Accordingly, it is hereby ORDERED that:

1. Plaintiff's request to proceed in forma pauperis is granted.

2. Plaintiff shall pay the statutory filing fee of $350 for this action. All payments shall be collected and paid in accordance with the notice to the Director of the California Department of Corrections and Rehabilitation filed concurrently herewith.

3. Claims against defendants Thompson, Nagalama and Vasquez are dismissed with leave to amend. Within 30 days of service of this order, plaintiff may amend his complaint to attempt to state cognizable claims against these defendants. Plaintiff is not obligated to amend his complaint.

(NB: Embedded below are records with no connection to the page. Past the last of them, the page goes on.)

(* Let $a,b\in\mathbb{Q}$ be such that $f(x)=x^{12}+ax^6+b$ is irreducible over $\mathbb{Q}$. Let $G_4$ be the Galois group of $x^4+ax^2+b$ and $G_6$ the Galois group of $x^6+ax^3+b$ over $\mathbb{Q}$. Then $(G_4,G_6)\notin\{(4T1,6T1),(4T1,6T2),(4T1,6T5)\}$.
   Context: Galois groups are regarded as transitive permutation groups on the roots up to conjugacy; $nTj$ denotes the $j$-th conjugacy class of transitive subgroups of $S_n$ in the Butler–McKay numbering (so $4T1=C_4$, $6T1=C_6$, $6T2=S_3$ acting regularly, $6T5=C_3\times S_3$). *)

From HB Require Import structures.
From mathcomp Require Import all_boot all_order all_algebra all_fingroup all_solvable all_field.
Set Implicit Arguments. Unset Strict Implicit. Unset Printing Implicit Defensive.
Import GRing.Theory.
Local Open Scope ring_scope.

(* The permutation s : 'S_n.+1 of {0,..,n} given by the list l of images
   (i |-> l`_i); the identity if l does not describe a permutation. *)
Definition lperm (n : nat) (l : seq nat) : 'S_n.+1 :=
  insubd (1%g : 'S_n.+1) [ffun i : 'I_n.+1 => (inord (nth 0%N l i) : 'I_n.+1)].

(* Galois group of E/Q, viewed as a permutation group on the labelled roots rs:
   the set of permutations s such that some g in Gal(E/Q) maps rs_i to rs_(s i). *)
Definition galPerm (L : splittingFieldType rat) (E : {subfield L}) (n : nat)
    (rs : n.-tuple L) : {set 'S_n} :=
  [set s : 'S_n | [exists g in ('Gal(E / 1%VS))%g,
                    [forall i : 'I_n, g (tnth rs i) == tnth rs (s i)]]].

Definition conjS (n : nat) (G T : {set 'S_n}) : Prop :=
  exists x : 'S_n, (G :^ x)%g = T.

(* Representatives (points labelled 0..n-1) of the Butler-McKay classes. *)
Definition T4_1 : {set 'S_4} := <[lperm 3 [:: 1; 2; 3; 0]%N]>%g.
Definition T6_1 : {set 'S_6} := <[lperm 5 [:: 1; 2; 3; 4; 5; 0]%N]>%g.
(* 6T2 = S3 regular : <(0 2 4)(1 5 3), (0 1)(2 3)(4 5)> *)
Definition T6_2 : {set 'S_6} :=
  <<[set lperm 5 [:: 2; 5; 4; 1; 0; 3]%N; lperm 5 [:: 1; 0; 3; 2; 5; 4]%N]>>%g.
(* 6T5 = C3 x S3 = 3 wr 2 : <(0 2 4), (1 3 5), (0 1)(2 3)(4 5)> *)
Definition T6_5 : {set 'S_6} :=
  <<[set lperm 5 [:: 2; 1; 4; 3; 0; 5]%N; lperm 5 [:: 0; 3; 2; 5; 4; 1]%N;
         lperm 5 [:: 1; 0; 3; 2; 5; 4]%N]>>%g.

Definition roots_of (L : splittingFieldType rat) (p : {poly rat}) (n : nat)
    (rs : n.-tuple L) : Prop :=
  uniq rs /\ map_poly (in_alg L) p = \prod_(z <- rs) ('X - z%:P).

From HB Require Import structures.
From mathcomp Require Import all_boot all_order all_algebra all_fingroup all_solvable all_field.
From mathcomp Require Import ring lra.
Import Order.TTheory GRing.Theory Num.Theory.
Local Open Scope ring_scope.
Set Implicit Arguments. Unset Strict Implicit. Unset Printing Implicit Defensive.

(* Call a group square-covered if it is the union of the squares k^2 and of
   one translate h k^2 of them; 4T1, 6T1, 6T2 and 6T5 all are.  In a Galois
   extension with such a group, every automorphism acts on the square roots of
   base-field elements either trivially or as h does, so the product of two
   such square roots outside the base field lies in it.
   The splitting field of x^6 + a x^3 + b contains sqrt(-3) and sqrt(d),
   d = a^2 - 4b, which is irrational since x^12 + a x^6 + b is irreducible;
   hence -3d is a square and d < 0.  The splitting field of x^4 + a x^2 + b
   contains sqrt(d) and sqrt(b); as d < 0 < b, sqrt(d b) is irrational, so
   sqrt(b) is rational.  For a root x with s x <> +-x, x * s x is then a
   rational square root of b, fixed by s, which forces s (s x) = x: the Galois
   group has exponent dividing 2, whereas 4T1 contains a 4-cycle. *)

Section SquareCovered.
Local Open Scope group_scope.
Variable gT : finGroupType.
Implicit Types (G : {set gT}) (x g k : gT).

4. The allegations in the pleading are sufficient at least to state cognizable claims against defendants Sahota, Venderstyme, Suarto, and Jaffe. See 28 U.S.C. § 1915A. With this order the Clerk of the Court shall provide to plaintiff a blank summons, a copy of the complaint filed February 9, 2011, four USM-285 forms and instructions for service of process on defendants Sahota, Venderstyme, Suarto, and Jaffe. Within 30 days of service of this order plaintiff may return the attached Notice of Submission of Documents with the completed summons, the completed USM-285 forms, and five copies of the February 9, 2011 complaint. The court will transmit them to the United States Marshal for service of process pursuant to Rule 4 of the Federal Rules of Civil Procedure. Defendants Sahota, Venderstyme, Suarto, and Jaffe will be required to respond to plaintiff's allegations within the deadlines stated in Rule 12(a)(1) of the Federal Rules of Civil Procedure. In this event, the court will construe plaintiff's election to proceed forthwith as consent to an order dismissing his defective claims against defendants Thompson, Nagalama and Vasquez without prejudice.

5. Plaintiff's motions for a change of venue are denied.

6. Plaintiff's motion to appoint counsel is denied.

7. Failure to comply with this order will result in a recommendation that this action be dismissed.


A. JONES, Plaintiff, v. SAHOTA, et al., Defendants.

No. CIV S-10-0326 MCE EFB


In accordance with the court's order filed ______________________, plaintiff hereby elects to:

(1) ______ consent to the dismissal of defendants Thompson, Nagalama and Vasquez without prejudice, and submits the following documents:

1 completed summons form

4 completed forms USM-285

5 copies of the February 9, 2011 first amended complaint OR

(2) ______ delay serving any defendant and files a second amended complaint in an attempt to state cognizable claims against defendants Thompson, Nagalama and Vasquez.